Huawei has been steadily developing its Ascend product line as part of its strategy to compete in the AI computing market. The company has invested heavily in processors, data-center technologies and supporting software as Chinese technology firms search for alternatives to imported AI accelerators. DeepSeek’s collaboration adds expertise from an AI model developer to that hardware-focused effort.
The relationship between AI model companies and chip manufacturers is becoming increasingly important worldwide. AI systems are demanding more computing power, while developers are looking for ways to reduce costs and improve performance. Hardware makers, meanwhile, need software ecosystems that encourage developers to use their processors. Cooperation between the two sides can therefore help address problems that neither hardware nor software companies can solve independently.

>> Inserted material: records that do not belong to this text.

(* J_S : rows = all indeterminates (lambda_kl, (k,l) in D, and s),
   columns = the elements of S (a column K_ab is encoded by (a,b) with a <= b),
   entries d K_ab / d theta, viewed in the fraction field R(lambda, s). *)
Definition JS (S : {set 'I_n * 'I_n}) : 'M[{fraction PR}]_(#|D|.+1, #|S|) :=
  \matrix_(r, c) (FracField.tofrac (mderiv r (Kmx (enum_val c).1 (enum_val c).2))).

Definition children (i : 'I_n) : {set 'I_n} := [set j | (i, j) \in D].

End Defs.

From HB Require Import structures.
From mathcomp Require Import all_boot all_order all_algebra.
From mathcomp Require Import fraction reals.
From mathcomp Require Import mpoly.
From mathcomp Require Import zify ring lra.
Set Implicit Arguments. Unset Strict Implicit. Unset Printing Implicit Defensive.
Import Order.TTheory GRing.Theory Num.Theory.
Local Open Scope ring_scope.

(* Rank does not increase under specialization of the indeterminates, so it
   suffices to bound the rank of J_S at the point lambda_kl = [l == i], s = 1.
   There, with p the indicator of the parents of i, the derivative of K_ab
   (a, b != i) in a direction w is
     w_s (d_ab + p_a p_b) - w_ab - w_ba + w_ai p_b + p_a w_bi.
   Take for S the image of D plus one non-edge {u, v} under the map sending a
   pair through i to the diagonal column of its other endpoint and any other
   pair to its sorted form; on a simple graph this map is injective.  A left
   kernel vector w supported off the rows lambda_il (l a child of i) is then
   zero: the diagonal columns of the parents give w_ki = -w_s; the non-edge
   {u, v} is chosen so that S contains the diagonal column of a non-parent of
   i or the column of a non-edge between two parents, which forces w_s = 0;
   then the column of every remaining edge kills its weight. *)

Section DirectionalDerivative.
Variables (F : comNzRingType) (k : nat) (v w : 'I_k -> F).
(* Let $n\ge 1$, let $\boldsymbol{u}^\star\in\mathbb{R}^n\setminus\{\boldsymbol{0}\}$, and define $f:\mathbb{R}^n\to\mathbb{R}$ by $f(\boldsymbol{u})=\frac12\|\boldsymbol{u}\boldsymbol{u}^{\mathrm T}-\boldsymbol{u}^\star{\boldsymbol{u}^\star}^{\mathrm T}\|_1$. Then the set of stationary points of $f$ is $$\{\boldsymbol{u}\in\mathbb{R}^n:\boldsymbol{0}\in\partial f(\boldsymbol{u})\}=\Big\{\boldsymbol{u}\in\mathbb{R}^n:\ |u_i|\le|u_i^\star|\ \text{for all } i\in[n],\ \ \sum_{i:\,u_i^\star\neq 0}\operatorname{sgn}(u_i^\star)\,u_i=0\Big\}\cup\{\boldsymbol{u}^\star,-\boldsymbol{u}^\star\}.$$
   Context: For a matrix $\boldsymbol{X}$, $\|\boldsymbol{X}\|_1=\sum_{i,j}|x_{ij}|$ (entrywise $\ell_1$-norm). $[n]=\{1,\dots,n\}$. $\partial f$ denotes the subdifferential of $f$; since $f$ is locally Lipschitz and subdifferentially regular, the Fréchet, limiting and Clarke subdifferentials of $f$ coincide, and any of them may be used. Explicitly, $\partial f(\boldsymbol{u})=\{\boldsymbol{Z}\boldsymbol{u}:\boldsymbol{Z}\text{ symmetric},\ \boldsymbol{Z}\in\operatorname{Sign}(\boldsymbol{u}\boldsymbol{u}^{\mathrm T}-\boldsymbol{u}^\star{\boldsymbol{u}^\star}^{\mathrm T})\}$, where $\operatorname{Sign}(x)=\{x/|x|\}$ for $x\ne0$, $\operatorname{Sign}(0)=[-1,1]$, applied entrywise. A point $\boldsymbol{u}$ is stationary if $\boldsymbol{0}\in\partial f(\boldsymbol{u})$. (The condition $|u_i|\le|u_i^\star|$ forces $u_i=0$ whenever $u_i^\star=0$.) *)

From HB Require Import structures.
From mathcomp Require Import all_boot all_order all_algebra.
From mathcomp Require Import reals.
Set Implicit Arguments. Unset Strict Implicit. Unset Printing Implicit Defensive.
Import Order.TTheory GRing.Theory Num.Theory.
Local Open Scope ring_scope.

Definition in_Sign (R : realType) (x z : R) : Prop :=
  if x != 0 then z = x / `|x| else -1 <= z <= 1.

Definition lossmx (R : realType) (n : nat) (u us : 'cV[R]_n) : 'M[R]_n :=
  u *m u^T - us *m us^T.

(* Subdifferential of f(u) = 1/2 || u u^T - us us^T ||_1 (entrywise l1),
   as given explicitly in the context:
   { Z u : Z symmetric, Z \in Sign(u u^T - us us^T) entrywise }. *)
Definition subdiff (R : realType) (n : nat) (us u : 'cV[R]_n) (g : 'cV[R]_n) : Prop :=
  exists Z : 'M[R]_n, Z^T = Z /\
    (forall i j, in_Sign (lossmx u us i j) (Z i j)) /\ g = Z *m u.

Definition stationary (R : realType) (n : nat) (us u : 'cV[R]_n) : Prop :=
  subdiff us u 0.

From HB Require Import structures.
From mathcomp Require Import all_boot all_order all_algebra.
From mathcomp Require Import reals ring lra.
Import Order.TTheory GRing.Theory Num.Theory.
Local Open Scope ring_scope.

Set Implicit Arguments.
Unset Strict Implicit.
Unset Printing Implicit Defensive.

(* Conjugating by the signs of [us] reduces everything to a target [s >= 0].
   There let [Z] be a symmetric sign matrix of [u u^T - s s^T] with [Z u = 0];
   everything is invariant under [u |-> -u].  A row [l] with [|u l| < s l]
   equals [-1] on the support of [u] (as then [u l u m < s l s m]), which
   forces [sum u = 0].  A coordinate with [s i < u i] is impossible: if no
   [0 < u l < s l] exists, row [i] of [Z u] is termwise nonnegative with a
   positive [i]-th term; otherwise row [i] minus row [l] is termwise
   nonnegative, so its terms vanish, and those at [i] and [l] give
   [Z l i = 1] and [Z i l = -1].  If [|u| = s], either [u = +-s] or [u] has
   both signs, and the rows at a positive and at a negative coordinate give
   [sum u >= 0] and [sum u <= 0].  Conversely [Z = -1] and [Z = 0] are
   certificates. *)

Section SignCertificate.
Variables (R : realDomainType) (n : nat).

Definition loss_entry (s u : 'I_n -> R) (i j : 'I_n) : R :=
  u i * u j - s i * s j.

Record sign_certificate (s u : 'I_n -> R) (Z : 'I_n -> 'I_n -> R) : Prop :=
  SignCertificate {
    scert_sym : forall i j, Z i j = Z j i;
    scert_norm : forall i j, `|Z i j| <= 1;
    scert_loss : forall i j,
      Z i j * loss_entry s u i j = `|loss_entry s u i j|;
    scert_ker : forall i, \sum_j Z i j * u j = 0 }.

Lemma sign_certificate_opp (s u : 'I_n -> R) (Z : 'I_n -> 'I_n -> R) :
  sign_certificate s u Z -> sign_certificate s (fun i => - u i) Z.
Proof.
case=> Zsym Znorm Zloss Zker; split=> // [i j|i].
  by rewrite /loss_entry mulrNN; apply: Zloss.
by under eq_bigr do rewrite mulrN; rewrite sumrN Zker oppr0.
Qed.

Lemma sign_certificate_flip (b : 'I_n -> bool) (s u s' u' : 'I_n -> R)
    (Z : 'I_n -> 'I_n -> R) :
  let d i : R := (-1) ^+ b i in
  (forall i, s' i = d i * s i) -> (forall i, u' i = d i * u i) ->
  sign_certificate s u Z ->
  sign_certificate s' u' (fun i j => d i * d j * Z i j).
Proof.
move=> d s'E u'E [Zsym Znorm Zloss Zker].
have lossE i j : loss_entry s' u' i j = d i * d j * loss_entry s u i j.
  by rewrite /loss_entry !s'E !u'E; ring.
have dd i : d i * d i = 1 by rewrite /d -expr2 sqrr_sign.
split=> [i j|i j|i j|i].
- by rewrite Zsym [d i * _]mulrC.
- by rewrite !normrM !normr_sign !mul1r.
- rewrite lossE !normrM !normr_sign !mul1r -Zloss.
  by rewrite -[RHS]mul1r -(dd i) -[RHS]mul1r -(dd j); ring.
- transitivity (d i * \sum_j Z i j * u j); last by rewrite Zker mulr0.
  rewrite mulr_sumr; apply: eq_bigr => j _; rewrite u'E.
  by rewrite -[Z i j * _]mul1r -(dd j); ring.
Qed.

Section NonnegativeTarget.
Variables (s u : 'I_n -> R) (Z : 'I_n -> 'I_n -> R).
Hypotheses (s_ge0 : forall i, 0 <= s i) (cert : sign_certificate s u Z).

Lemma scert_bounds i j : -1 <= Z i j <= 1.
Proof. by rewrite -ler_norml (scert_norm cert). Qed.

Lemma scert_eq1 i j : 0 < loss_entry s u i j -> Z i j = 1.
Proof.
move=> pos; apply: (mulIf (lt0r_neq0 pos)).
by rewrite mul1r scert_loss // gtr0_norm.
Qed.

Lemma scert_eqN1 i j : loss_entry s u i j < 0 -> Z i j = -1.
Proof.
move=> neg; apply: (mulIf (ltr0_neq0 neg)).
by rewrite mulN1r scert_loss // ltr0_norm.
Qed.

Lemma scert_opp_sign i j : u i * u j < 0 -> Z i j = -1.
Proof.
move=> neg; apply: scert_eqN1; rewrite /loss_entry.
by have := mulr_ge0 (s_ge0 i) (s_ge0 j); lra.
Qed.

Lemma scert_strict_below l m :
  `|u l| < s l -> `|u m| <= s m -> u m != 0 -> Z l m = -1.
Proof.
move=> ul um um0; apply: scert_eqN1; rewrite /loss_entry.
have : u l * u m <= `|u l| * `|u m| by rewrite -normrM ler_norm.
have := normr_gt0 (u m); rewrite um0 => um_gt0.
by have := s_ge0 l; nra.
Qed.

Lemma scert_above i m : s i < u i -> 0 < u m -> s m <= u m -> Z i m = 1.
Proof.
move=> ui um_gt0 um; apply: scert_eq1; rewrite /loss_entry.
by have := s_ge0 i; have := s_ge0 m; nra.
Qed.

Lemma scert_sum_ge0 a : 0 < u a -> 0 <= \sum_i u i.
Proof.
move=> ua; rewrite -oppr_le0 -sumrN -[X in _ <= X](scert_ker cert a).
apply: ler_sum => m _.
have [um|um] := ltP (u m) 0; first by rewrite scert_opp_sign ?mulN1r //; nra.
by have /andP[] := scert_bounds a m; nra.
Qed.

Lemma scert_sum_eq0 j :
  (forall i, `|u i| <= s i) -> `|u j| < s j -> \sum_i u i = 0.
Proof.
move=> u_le uj; apply: oppr_inj.
rewrite oppr0 -sumrN -[RHS](scert_ker cert j); apply: eq_bigr => m _.
have [->|um0] := eqVneq (u m) 0; first by rewrite mulr0 oppr0.
by rewrite scert_strict_below ?mulN1r.
Qed.

Lemma scert_le_of_gt0 i : 0 < u i -> u i <= s i.
Proof.
move=> ui_gt0; rewrite leNgt; apply/negP => ui_gt.
have Zii : Z i i = 1 by apply: scert_above => //; apply: ltW.
have [l /andP[ul_gt0 ul_lt]|] := pickP (fun l => (0 < u l) && (u l < s l)).
  have ul_norm : `|u l| < s l by rewrite gtr0_norm.
  have ul0 : u l != 0 by rewrite gt_eqF.
  have Zll : Z l l = -1 by apply: scert_strict_below => //; apply: ltW.
  have diff_ge0 m : 0 <= (Z i m - Z l m) * u m.
    have [um|um|->] := ltgtP (u m) 0; last by rewrite mulr0.
      by rewrite !scert_opp_sign ?subrr ?mul0r //; nra.
    have /andP[Zim_ge Zim_le] := scert_bounds i m.
    have /andP[Zlm_ge Zlm_le] := scert_bounds l m.
    have [sm|sm] := leP (s m) (u m); first by rewrite scert_above //; nra.
    have Zlm : Z l m = -1.
      by apply: scert_strict_below; rewrite ?gtr0_norm ?gt_eqF ?ltW.
    by rewrite Zlm; nra.
  have diff_sum : \sum_m (Z i m - Z l m) * u m = 0.
    by under eq_bigr do rewrite mulrBl; rewrite sumrB !(scert_ker cert) subrr.
  have diff_eq0 := psumr_eq0P (fun m _ => diff_ge0 m) diff_sum.
  have := diff_eq0 i isT; have := diff_eq0 l isT.
  rewrite Zii Zll (scert_sym cert l i); nra.
move=> no_l; have row_ge0 m : 0 <= Z i m * u m.
  have [um|um|->] := ltgtP (u m) 0; last by rewrite mulr0.
    by rewrite scert_opp_sign ?mulN1r ?oppr_ge0 ?ltW //; nra.
  have := no_l m; rewrite um /= => /negbT; rewrite -leNgt => sm.
  by rewrite scert_above // mul1r ltW.
have /(_ i isT) := psumr_eq0P (fun m _ => row_ge0 m) (scert_ker cert i).
by rewrite Zii mul1r => ui0; rewrite ui0 ltxx in ui_gt0.
Qed.

End NonnegativeTarget.

Lemma scert_norm_le (s u : 'I_n -> R) (Z : 'I_n -> 'I_n -> R) :
  (forall i, 0 <= s i) -> sign_certificate s u Z -> forall i, `|u i| <= s i.
Proof.
move=> s_ge0 cert i; have [ui|ui|->] := ltgtP (u i) 0; last by rewrite normr0.
  rewrite ltr0_norm //.
  apply: (scert_le_of_gt0 s_ge0 (sign_certificate_opp cert) (i := i)).
  by rewrite oppr_gt0.
by rewrite gtr0_norm //; apply: (scert_le_of_gt0 s_ge0 cert (i := i)).
Qed.

Lemma scert_cases (s u : 'I_n -> R) (Z : 'I_n -> 'I_n -> R) :
  (forall i, 0 <= s i) -> sign_certificate s u Z ->
  ((forall i, `|u i| <= s i) /\ \sum_i u i = 0) \/
  (forall i, u i = s i) \/ (forall i, u i = - s i).
Proof.
move=> s_ge0 cert; have u_le := scert_norm_le s_ge0 cert.
have [j /= uj|/= u_eq] := pickP (fun j => `|u j| < s j).
  by left; split; last exact: (scert_sum_eq0 s_ge0 cert (j := j) u_le uj).
have norm_u i : `|u i| = s i by apply/eqP; rewrite eq_le u_le leNgt u_eq.
have [a /= ua|/= no_pos] := pickP (fun a => 0 < u a); last first.
  by right; right=> i; rewrite -norm_u ler0_norm ?opprK // leNgt no_pos.
have [b /= ub|/= no_neg] := pickP (fun b => u b < 0); last first.
  by right; left=> i; rewrite -norm_u ger0_norm // leNgt no_neg.
left; split=> //; apply/eqP; rewrite eq_le (scert_sum_ge0 s_ge0 cert ua) andbT.
rewrite -oppr_ge0 -sumrN.
apply: (scert_sum_ge0 s_ge0 (sign_certificate_opp cert) (a := b)).
by rewrite oppr_gt0.
Qed.

Lemma scert_constN1 (s u : 'I_n -> R) :
  (forall i, `|u i| <= s i) -> \sum_i u i = 0 ->
  sign_certificate s u (fun _ _ => -1).
Proof.
move=> u_le u_sum; split=> [//|i j|i j|i]; first by rewrite normrN1.
  rewrite mulN1r ler0_norm ?subr_le0 //; apply: le_trans (ler_norm _) _.
  by rewrite normrM ler_pM.
by under eq_bigr do rewrite mulN1r; rewrite sumrN u_sum oppr0.
Qed.

Lemma scert_const0 (s u : 'I_n -> R) :
  (forall i j, u i * u j = s i * s j) ->
  sign_certificate s u (fun _ _ => 0).
Proof.
move=> uE; split=> [//|i j|i j|i]; first by rewrite normr0.
  by rewrite /loss_entry uE subrr normr0 mul0r.
by rewrite big1 // => j _; rewrite mul0r.
Qed.

Lemma scert_exists_iff (s u : 'I_n -> R) :
  (forall i, 0 <= s i) ->
  (exists Z, sign_certificate s u Z) <->
  ((forall i, `|u i| <= s i) /\ \sum_i u i = 0) \/
  (forall i, u i = s i) \/ (forall i, u i = - s i).
Proof.
move=> s_ge0; split=> [[Z cert]|[[u_le u_sum]|[uE|uE]]].
- exact: scert_cases cert.
- by exists (fun _ _ => -1); apply: scert_constN1.
- by exists (fun _ _ => 0); apply: scert_const0 => i j; rewrite !uE.
- by exists (fun _ _ => 0); apply: scert_const0 => i j; rewrite !uE mulrNN.
Qed.

End SignCertificate.

Lemma in_SignP (R : realType) (x z : R) :
  in_Sign x z <-> `|z| <= 1 /\ z * x = `|x|.
Proof.
rewrite /in_Sign; have [x_lt0|x_gt0|->] := ltgtP x 0; rewrite /=.
- rewrite ltr0_norm // divrN divff ?ltr0_neq0 //.
  split=> [->|[_ zx]]; first by rewrite normrN1 mulN1r.
  by apply: (mulIf (ltr0_neq0 x_lt0)); rewrite zx mulN1r.
- rewrite gtr0_norm // divff ?lt0r_neq0 //.
  split=> [->|[_ zx]]; first by rewrite normr1 mul1r.
  by apply: (mulIf (lt0r_neq0 x_gt0)); rewrite zx mul1r.
- by rewrite mulr0 normr0 -ler_norml; split=> [|[]].
Qed.

Lemma lossmxE (R : realType) n (u us : 'cV[R]_n) i j :
  lossmx u us i j = loss_entry (us^~ 0) (u^~ 0) i j.
Proof. by rewrite /lossmx !mxE !big_ord1 !mxE. Qed.

Lemma stationaryP (R : realType) n (us u : 'cV[R]_n) :
  stationary us u <-> exists Z, sign_certificate (us^~ 0) (u^~ 0) Z.
Proof.
split=> [[Z [Zsym [ZSign Zu]]]|[Z cert]].
  exists (fun i j => Z i j); split=> [i j|i j|i j|i].
  - by rewrite -[in LHS]Zsym mxE.
  - by have /in_SignP[] := ZSign i j.
  - by have /in_SignP[_] := ZSign i j; rewrite lossmxE.
  - by have := congr1 (fun M : 'cV[R]_n => M i 0) Zu; rewrite !mxE => <-.
exists (\matrix_(i, j) Z i j); split; [|split].
- by apply/matrixP => i j; rewrite !mxE (scert_sym cert).
- move=> i j; rewrite lossmxE mxE; apply/in_SignP.
  by split; [exact: (scert_norm cert) | exact: (scert_loss cert)].
- apply/matrixP => i j; rewrite (ord1 j) !mxE -[LHS](scert_ker cert i).
  by apply: eq_bigr => k _; rewrite mxE.
Qed.

Lemma mulr_sign_self (R : realDomainType) (x : R) :
  (-1) ^+ (x < 0)%R * x = `|x|.
Proof. by rewrite -[X in _ * X = _](mulr_sign_norm x) signrMK. Qed.

Lemma stationary_sign_flip (R : realType) n (us u : 'cV[R]_n) :
  stationary us u <-> exists Z, sign_certificate
    (fun i => `|us i 0|) (fun i => (-1) ^+ (us i 0 < 0)%R * u i 0) Z.
Proof.
rewrite stationaryP; split=> -[Z cert]; eexists.
  by apply: (sign_certificate_flip (b := fun i => us i 0 < 0)) cert => i;
    rewrite ?mulr_sign_self.
by apply: (sign_certificate_flip (b := fun i => us i 0 < 0)) cert => i;
  rewrite ?mulr_sign_norm ?signrMK.
Qed.

Theorem theorem1 (R : realType) (n : nat) (hn : (1 <= n)%N)
  (us : 'cV[R]_n) (hus : us != 0) (u : 'cV[R]_n) :
  stationary us u <->
  (((forall i : 'I_n, `|u i 0| <= `|us i 0|) /\
     \sum_(i < n | us i 0 != 0) Num.sg (us i 0) * u i 0 = 0)
   \/ u = us \/ u = - us).
Proof.
rewrite stationary_sign_flip scert_exists_iff; last by move=> i.
have norm_du i : `|(-1) ^+ (us i 0 < 0)%R * u i 0| = `|u i 0|.
  by rewrite normrM normr_sign mul1r.
have sumE : (forall i, `|u i 0| <= `|us i 0|) ->
    \sum_(i < n | us i 0 != 0) Num.sg (us i 0) * u i 0 =
    \sum_i (-1) ^+ (us i 0 < 0)%R * u i 0.
  move=> u_le; rewrite big_mkcond; apply: eq_bigr => i _.
  have [us0|us0] := eqVneq (us i 0) 0; last by rewrite neqr0_sign.
  by have := u_le i; rewrite us0 normr0 normr_le0 => /eqP ->; rewrite !mulr0.
have uE (v : 'cV[R]_n) :
    (forall i,
      (-1) ^+ (us i 0 < 0)%R * u i 0 = (-1) ^+ (us i 0 < 0)%R * v i 0) ->
    u = v.
  move=> duv; apply/matrixP => i j; rewrite (ord1 j).
  by rewrite -[LHS](signrMK (us i 0 < 0)%R) duv signrMK.
split=> [[[u_le u_sum]|[u_us|u_us]]|[[u_le u_sum]|[->|->]]].
- have u_le' i : `|u i 0| <= `|us i 0| by rewrite -norm_du.
  by left; split; last by rewrite sumE.
- by right; left; apply: uE => i; rewrite u_us mulr_sign_self.
- by right; right; apply: uE => i; rewrite u_us mxE mulrN mulr_sign_self.
- by left; split=> [i|]; rewrite ?norm_du // -sumE.
- by right; left => i; rewrite mulr_sign_self.
- by right; right => i; rewrite mxE mulrN mulr_sign_self.
Qed.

For China, the issue has an additional strategic dimension. Restrictions on the export of advanced semiconductor technology have increased pressure on domestic companies to develop alternatives. Building a complete AI computing ecosystem inside the country could reduce exposure to external supply disruptions while giving Chinese developers greater control over the technology used to train and operate AI models.
That does not mean domestic alternatives can immediately replace Nvidia across every AI workload. Nvidia’s ecosystem has developed over many years and remains deeply integrated into research institutions, technology companies and data centers around the world. Matching that level of software maturity, developer familiarity and hardware performance is a substantial challenge.
The DeepSeek and Huawei partnership nevertheless demonstrates how quickly the Chinese AI sector is adapting to those pressures. Instead of focusing solely on producing new processors, Chinese companies are increasingly working on the programming infrastructure needed to make domestic chips more useful to developers. This broader approach could become an important part of the country’s long-term semiconductor and AI strategy.